Lemma normal_pdf_le_shift m s a y : 0 < s -> 0 <= a -> m + a * s < y ->
  normal_pdf m s y <= expR (- (a ^+ 2 / 2)) * normal_pdf (m + a * s) s y.
Proof.
move=> s0 a0 hy; have sN0 : s != 0 by rewrite gt_eqF.
rewrite !normal_pdfE // mulrCA ler_wpM2l ?normal_peak_ge0 // /normal_fun.
rewrite -expRD ler_expR -subr_ge0.
have -> : - (a ^+ 2 / 2) + - (y - (m + a * s)) ^+ 2 / (s ^+ 2 *+ 2)
          - - (y - m) ^+ 2 / (s ^+ 2 *+ 2) = a * (y - (m + a * s)) / s.
  by rewrite -mulr_natr; field.
by rewrite divr_ge0 ?(ltW s0) // mulr_ge0 // subr_ge0 ltW.
Qed.

Lemma normal_prob_tail_le m s a : 0 < s -> 0 <= a ->
  (normal_prob m s `](m + a * s)%R, +oo[%classic
    <= (expR (- (a ^+ 2 / 2)))%:E)%E.
Proof.
move=> s0 a0; set A := `](m + a * s)%R, +oo[%classic.
have mA : measurable A := measurable_itv _.
have mpdf m' : measurable_fun A (EFin \o normal_pdf m' s).
  by apply/measurable_EFinP; exact: measurable_funTS (measurable_normal_pdf _ _).
apply: (@le_trans _ _ ((expR (- (a ^+ 2 / 2)))%:E * normal_prob (m + a * s) s A)%E).
  rewrite /normal_prob -ge0_integralZl //; [|exact: mpdf|].
  - apply: ge0_le_integral => //.
    + by move=> y _; rewrite lee_fin normal_pdf_ge0.
    + exact: mpdf.
    + exact: measurable_funeM (mpdf _).
    + move=> y; rewrite /A /= in_itv /= andbT => hy.
      by rewrite -EFinM lee_fin normal_pdf_le_shift.
  - by move=> y _; rewrite lee_fin normal_pdf_ge0.
by rewrite -[leRHS]mule1 lee_pmul2l ?lte_fin ?expR_gt0 // probability_le1.
Qed.

Lemma normal_pdf_ge_on_itv m s y : 0 < s -> m + s <= y <= m + s * (3 / 2) ->
  normal_peak s * expR (- (9 / 8)) <= normal_pdf m s y.
Proof.
move=> s0 /andP[ys1 ys2]; have sN0 : s != 0 by rewrite gt_eqF.
rewrite normal_pdfE // ler_wpM2l ?normal_peak_ge0 // /normal_fun ler_expR.
rewrite mulNr lerN2 ler_pdivrMr ?mulrn_wgt0 ?exprn_gt0 //.
have -> : 9 / 8 * (s ^+ 2 *+ 2) = (s * (3 / 2)) ^+ 2 by rewrite -mulr_natr; field.
by rewrite ler_sqr ?nnegrE; lra.
Qed.

(* [normal_peak s * (s / 2) = 1 / (2 sqrt (2 pi))], and the claim reduces to
   [expR (- 1 / 4) >= 1 / 2], which follows from [expR x >= 1 + x]. *)
Lemma p_const_le_normal_mass s : 0 < s ->
  p_const R <= normal_peak s * expR (- (9 / 8)) * (s / 2).
Proof.
move=> s0.
have q_gt0 : 0 < Num.sqrt (pi : R) by rewrite sqrtr_gt0 pi_gt0.
have r2_gt0 : 0 < Num.sqrt (2 : R) by rewrite sqrtr_gt0.
have e_gt0 : 0 < expR (1 : R) := expR_gt0 _.
set q := Num.sqrt (pi : R) in q_gt0 *; set r2 := Num.sqrt (2 : R) in r2_gt0 *.
set e := expR (1 : R) in e_gt0 *; set e8 := expR (- (1 / 8) : R).
have e8_sqr : 3 / 4 <= e8 ^+ 2.
  by rewrite /e8 -expRM_natr; apply: le_trans (expR_ge1Dx _); lra.
have e8_ge0 : 0 <= e8 by exact: expR_ge0.
have r2_sqr : r2 ^+ 2 = 2 by rewrite /r2 sqr_sqrtr.
have r2_le : r2 <= 2 * e8 by nra.
have -> : expR (- (9 / 8)) = e^-1 * e8.
  by rewrite /e /e8 -expRN -expRD; congr expR; lra.
have -> : normal_peak s = (s * q * r2)^-1.
  rewrite /normal_peak -mulr_natr; congr (_^-1).
  rewrite sqrtrM; last by rewrite mulr_ge0 ?sqr_ge0 ?pi_ge0.
  by rewrite sqrtrM ?sqr_ge0 // sqrtr_sqr gtr0_norm.
rewrite /p_const -/e -/q.
have -> : (s * q * r2)^-1 * (e^-1 * e8) * (s / 2) = (2 * e8) / (4 * e * q * r2).
  by field; rewrite !gt_eqF.
have -> : (4 * e * q)^-1 = r2 / (4 * e * q * r2) by field; rewrite !gt_eqF.
by rewrite ler_pM2r // invr_gt0 !mulr_gt0.
Qed.

Lemma p_const_le_normal_prob m s : 0 < s ->
  ((p_const R)%:E <= normal_prob m s `[(m + s)%R, +oo[%classic)%E.
Proof.
move=> s0; set I := `[m + s, m + s * (3 / 2)]%classic.
have mI : measurable I := measurable_itv _.
have lenI : lebesgue_measure I = (s / 2)%:E.
  rewrite lebesgue_measure_itv /= lte_fin ifT; last by rewrite ltrD2l; nra.
  by rewrite -EFinB; congr EFin; field.
apply: (@le_trans _ _ (normal_prob m s I)); last first.
  apply: le_measure; rewrite ?inE // => y /=.
  by rewrite !in_itv /= andbT => /andP[].
apply: (@le_trans _ _
  (\int[lebesgue_measure]_(y in I) (normal_peak s * expR (- (9 / 8)))%:E)%E).
  rewrite integral_cst // [X in (_ * X)%E](_ : _ = (s / 2)%:E); last exact: lenI.
  by rewrite -EFinM lee_fin p_const_le_normal_mass.
apply: ge0_le_integral => //.
- by move=> y _; rewrite lee_fin mulr_ge0 ?normal_peak_ge0 ?expR_ge0.
- by apply/measurable_EFinP; exact: measurable_funTS (measurable_normal_pdf _ _).
- by move=> y; rewrite /I /= in_itv /= lee_fin => /normal_pdf_ge_on_itv; apply.
Qed.

Lemma p_const_le1 : p_const R <= 1.
Proof.
rewrite /p_const invf_le1; last by rewrite !mulr_gt0 ?expR_gt0 ?sqrtr_gt0 ?pi_gt0.
have e_ge1 : 1 <= expR (1 : R) by apply: le_trans (expR_ge1Dx _); lra.
have sqrt_pi_ge1 : 1 <= Num.sqrt (pi : R).
  by rewrite -sqrtr1 ler_sqrt ?pi_gt0 //; apply: le_trans (pi_ge2 R); lra.
nra.
Qed.

Lemma gauss_law_tail_le m v a : 0 <= a ->
  (gauss_law m v `](m + a * Num.sqrt v)%R, +oo[%classic
    <= (expR (- (a ^+ 2 / 2)))%:E)%E.
Proof.
rewrite /gauss_law; case: ifPn => [v0 a0|].
  by rewrite normal_prob_tail_le ?sqrtr_gt0.
rewrite -leNgt -sqrtr_eq0 => /eqP -> _.
rewrite mulr0 addr0 diracE memNset ?lee_fin ?expR_ge0 //.
by rewrite /= in_itv /= ltxx.
Qed.

Lemma p_const_le_gauss_law m v :
  ((p_const R)%:E <= gauss_law m v `[(m + Num.sqrt v)%R, +oo[%classic)%E.
Proof.
rewrite /gauss_law; case: ifPn => [v0|].
  by rewrite p_const_le_normal_prob ?sqrtr_gt0.
rewrite -leNgt -sqrtr_eq0 => /eqP ->.
rewrite addr0 diracE mem_set ?lee_fin ?p_const_le1 //.
by rewrite /= in_itv /= lexx.
Qed.

End normal_bounds.

Lemma sumr_indicator_mul {T : finType} {R : pzSemiRingType} (g : T -> R) x :
  \sum_y (y == x)%:R * g y = g x.
Proof.
by rewrite (bigD1 x) //= eqxx mul1r big1 ?addr0 // => y /negbTE ->; rewrite mul0r.
Qed.

Lemma gaussian_vector_coord {R : realType} {T : finType} {d : measure_display}
    {Omega : measurableType d} {P : probability Omega R} {F : Omega -> T -> R}
    {m : T -> R} {C : T -> T -> R} :
  gaussian_vector P F m C -> forall x A, measurable A ->
  P ((F^~ x) @^-1` A) = gauss_law (m x) (C x x) A.
Proof.
case=> _ law x A mA; have := law (fun y => (y == x)%:R) A mA.
rewrite sumr_indicator_mul.
under eq_bigr => y _ do under eq_bigr => z _ do rewrite [_ * (z == x)%:R]mulrC.
under eq_bigr => y _ do rewrite sumr_indicator_mul.
rewrite sumr_indicator_mul => <-; congr (P (_ @^-1` A)).
by apply/funext => w; rewrite sumr_indicator_mul.
Qed.

Lemma measurable_preimage_finType {d : measure_display} {Omega : measurableType d}
    {T : finType} (g : Omega -> T) (S : set T) :
  (forall z, measurable (g @^-1` [set z])) -> measurable (g @^-1` S).
Proof.
move=> mg; have -> : g @^-1` S = \bigcup_(z in S) g @^-1` [set z].
  by apply/seteqP; split => [w Sw|w [z Sz /= ->]] //; exists (g w).
by apply: fin_bigcup_measurable => //; exact: finite_finset.
Qed.

Lemma le_measure_bigsetU_seq {R : realType} {d : measure_display} {X : measurableType d}
    (mu : {measure set X -> \bar R}) {I : Type} (s : seq I) (F : I -> set X) :
  (forall i, measurable (F i)) ->
  (mu (\big[setU/set0]_(i <- s) F i) <= \sum_(i <- s) mu (F i))%E.
Proof.
move=> mF; elim: s => [|i s IH]; first by rewrite !big_nil measure0.
rewrite !big_cons; apply: le_trans (measureU2 _ _ _) _ => //.
  exact: bigsetU_measurable.
exact: leeD.
Qed.

Lemma le_measure_subsetU {R : realType} {d : measure_display} {X : measurableType d}
    (mu : {measure set X -> \bar R}) {A B C : set X} :
  measurable A -> measurable B -> measurable C -> A `<=` B `|` C ->
  (mu A <= mu B + mu C)%E.
Proof.
move=> mA mB mC sub; apply: le_trans (measureU2 _ mB mC).
by apply: le_measure; rewrite ?inE //; exact: measurableU.
Qed.

Section sample_events.
Context {R : realType} {T : finType} {d : measure_display} {Omega : measurableType d}.
Variables (F : Omega -> T -> R) (m s : T -> R).

Definition optimistic_at (x : T) : set Omega :=
  (F^~ x) @^-1` `[(m x + s x)%R, +oo[%classic.

Definition overshoot (a : R) : set Omega :=
  \big[setU/set0]_(x <- index_enum T) (F^~ x) @^-1` `](m x + a * s x)%R, +oo[%classic.

End sample_events.

Lemma optimistic_sub_gap_le_or_overshoot {R : realType} {T : finType}
    {d : measure_display} {Omega : measurableType d} {F : Omega -> T -> R}
    {m s f : T -> R} {xstar : T} {xt : Omega -> T} (a : R) :
  (forall x, `|m x - f x| <= s x) -> (forall w x, F w x <= F w (xt w)) ->
  optimistic_at F m s xstar `<=`
    [set w | f xstar - f (xt w) <= (1 + a) * s (xt w)] `|` overshoot F m s a.
Proof.
move=> conf argmax w; rewrite /optimistic_at /= in_itv /= andbT => opt_w.
have [|not_over] := pselect (overshoot F m s a w); [by right | left => /=].
have sample_le : F w (xt w) <= m (xt w) + a * s (xt w).
  rewrite leNgt; apply/negP => sample_gt; apply: not_over.
  rewrite /overshoot -bigcup_seq; exists (xt w); first exact: mem_index_enum.
  by rewrite /= in_itv /= sample_gt.
have := conf (xt w); have := conf xstar; rewrite !ler_norml.
move=> /andP[conf_star _] /andP[_ conf_xt].
have := argmax w xstar; rewrite mulrDl mul1r; lra.
Qed.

━━━

#### [What you should do]
Write down again, exactly as given, only the lines above that fall from the line with "Lemma normal_pdf_ge_on_itv m" to the line with "have -> : normal_peak s = (s * q * r2)^-1.", inclusive.

#### [Expected answer]
Lemma normal_pdf_ge_on_itv m s y : 0 < s -> m + s <= y <= m + s * (3 / 2) ->
  normal_peak s * expR (- (9 / 8)) <= normal_pdf m s y.
Proof.
move=> s0 /andP[ys1 ys2]; have sN0 : s != 0 by rewrite gt_eqF.
rewrite normal_pdfE // ler_wpM2l ?normal_peak_ge0 // /normal_fun ler_expR.
rewrite mulNr lerN2 ler_pdivrMr ?mulrn_wgt0 ?exprn_gt0 //.
have -> : 9 / 8 * (s ^+ 2 *+ 2) = (s * (3 / 2)) ^+ 2 by rewrite -mulr_natr; field.
by rewrite ler_sqr ?nnegrE; lra.
Qed.

(* [normal_peak s * (s / 2) = 1 / (2 sqrt (2 pi))], and the claim reduces to
   [expR (- 1 / 4) >= 1 / 2], which follows from [expR x >= 1 + x]. *)
Lemma p_const_le_normal_mass s : 0 < s ->
  p_const R <= normal_peak s * expR (- (9 / 8)) * (s / 2).
Proof.
move=> s0.
have q_gt0 : 0 < Num.sqrt (pi : R) by rewrite sqrtr_gt0 pi_gt0.
have r2_gt0 : 0 < Num.sqrt (2 : R) by rewrite sqrtr_gt0.
have e_gt0 : 0 < expR (1 : R) := expR_gt0 _.
set q := Num.sqrt (pi : R) in q_gt0 *; set r2 := Num.sqrt (2 : R) in r2_gt0 *.
set e := expR (1 : R) in e_gt0 *; set e8 := expR (- (1 / 8) : R).
have e8_sqr : 3 / 4 <= e8 ^+ 2.
  by rewrite /e8 -expRM_natr; apply: le_trans (expR_ge1Dx _); lra.
have e8_ge0 : 0 <= e8 by exact: expR_ge0.
have r2_sqr : r2 ^+ 2 = 2 by rewrite /r2 sqr_sqrtr.
have r2_le : r2 <= 2 * e8 by nra.
have -> : expR (- (9 / 8)) = e^-1 * e8.
  by rewrite /e /e8 -expRN -expRD; congr expR; lra.
have -> : normal_peak s = (s * q * r2)^-1.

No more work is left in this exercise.